Counting the line with "by rewrite !bell00E" as the last one, copy out the lines of the data exactly from the first onward.

Saved entries:
--

Lemma fidelityE (rho : op R I33) :
  fidelity rho = complex.Re (3^-1%:C * \sum_a \sum_a' rho (a, a) (a', a')).
Proof.
have bell00E x : bell R 0 0 x = (Num.sqrt 3)^-1%:C * (x.2 == x.1)%:R.
  by rewrite /bell addr0 mul0n expr0 mulr1.
have summandE x y : conjc (bell R 0 0 x) * rho x y * bell R 0 0 y =
    (x.2 == x.1)%:R * ((y.2 == y.1)%:R * (3^-1%:C * rho x y)).
  by rewrite !bell00E conjcM conjc_nat conjc_real -inv_sqrt3_sqrC; ring.
rewrite /fidelity; under eq_bigr => x _ do under eq_bigr => y _ do rewrite summandE.
under eq_bigr => x _ do rewrite -big_distrr /= sum_I33_diag.
by rewrite sum_I33_diag mulr_sumr; under [in RHS]eq_bigr do rewrite mulr_sumr.
Qed.

Variable p : I3 -> I3 -> R.

Definition pX n := \sum_m p n m.

Definition round_kernel := bell_kernel (fun n m => (p n m)%:C) snd.

Lemma sigma0_bell_kernel : sigma0 p = bell_kernel (fun n m => (p n m / 3)%:C) fst.
Proof.
apply/funext => x; apply/funext => y; rewrite /sigma0 /bell_kernel.
apply: eq_bigr => n _; apply: eq_bigr => m _.
rewrite /Defs.proj /bell !rCE !conjcM conjc_nat conjc_real natr_andb !subr_eq.
by rewrite ![n + _]addrC realCM -inv_sqrt3_sqrC; ring.
Qed.

Lemma round_hadamard rho : round p rho = normalize (hadamard rho round_kernel).
Proof.
congr normalize; apply/funext => x; apply/funext => y.
rewrite ptrT_conjop_Pi0 conjop_UCN' /= /pauliT /round_kernel /bell_kernel /hadamard.
rewrite big_distrr; apply: eq_bigr => n _; rewrite big_distrr; apply: eq_bigr => m _.
rewrite conjop_onT_weyl conjop_UCN /attach0 /= !add0r add0n !modn_small ?ltn_ord //.
by rewrite -!addrA ![- n + _]addrC !addrA !subr_eq0 rCE; ring.
Qed.

Lemma optr_sigma0_kernelX N :
  optr (hadamard (sigma0 p) (hadamardX round_kernel N)) = (\sum_n pX n ^+ N.+1)%:C.
Proof.
rewrite /optr /hadamard /hadamardX sigma0_bell_kernel /round_kernel.
under eq_bigr do rewrite !bell_kernel_diag.
have := sum_I33_diff (fun n => (\sum_m (p n m / 3)%:C) * (\sum_m (p n m)%:C) ^+ N).
rewrite /= => ->; rewrite rmorph_sum -sumrMnl; apply: eq_bigr => n _.
rewrite -!rmorph_sum -rmorphXn -rmorphM -rmorphMn -mulr_suml /pX.
by congr (_%:C); rewrite exprS -mulr_natr; field.
Qed.

Hypothesis p_ge0 : forall n m, 0 <= p n m.
Hypothesis pX_sum1 : \sum_n pX n = 1.
Hypothesis p0_pure : forall m, m != 0 -> p 0 m = 0.

Lemma pX_ge0 n : 0 <= pX n.
Proof. exact: sumr_ge0. Qed.

Lemma pX0 : pX 0 = p 0 0.
Proof. by rewrite /pX (bigD1 0) //= big1 ?addr0 // => m /p0_pure. Qed.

--

• **EXERCISE ANSWER**:
Lemma fidelityE (rho : op R I33) :
  fidelity rho = complex.Re (3^-1%:C * \sum_a \sum_a' rho (a, a) (a', a')).
Proof.
have bell00E x : bell R 0 0 x = (Num.sqrt 3)^-1%:C * (x.2 == x.1)%:R.
  by rewrite /bell addr0 mul0n expr0 mulr1.
have summandE x y : conjc (bell R 0 0 x) * rho x y * bell R 0 0 y =
    (x.2 == x.1)%:R * ((y.2 == y.1)%:R * (3^-1%:C * rho x y)).
  by rewrite !bell00E conjcM conjc_nat conjc_real -inv_sqrt3_sqrC; ring.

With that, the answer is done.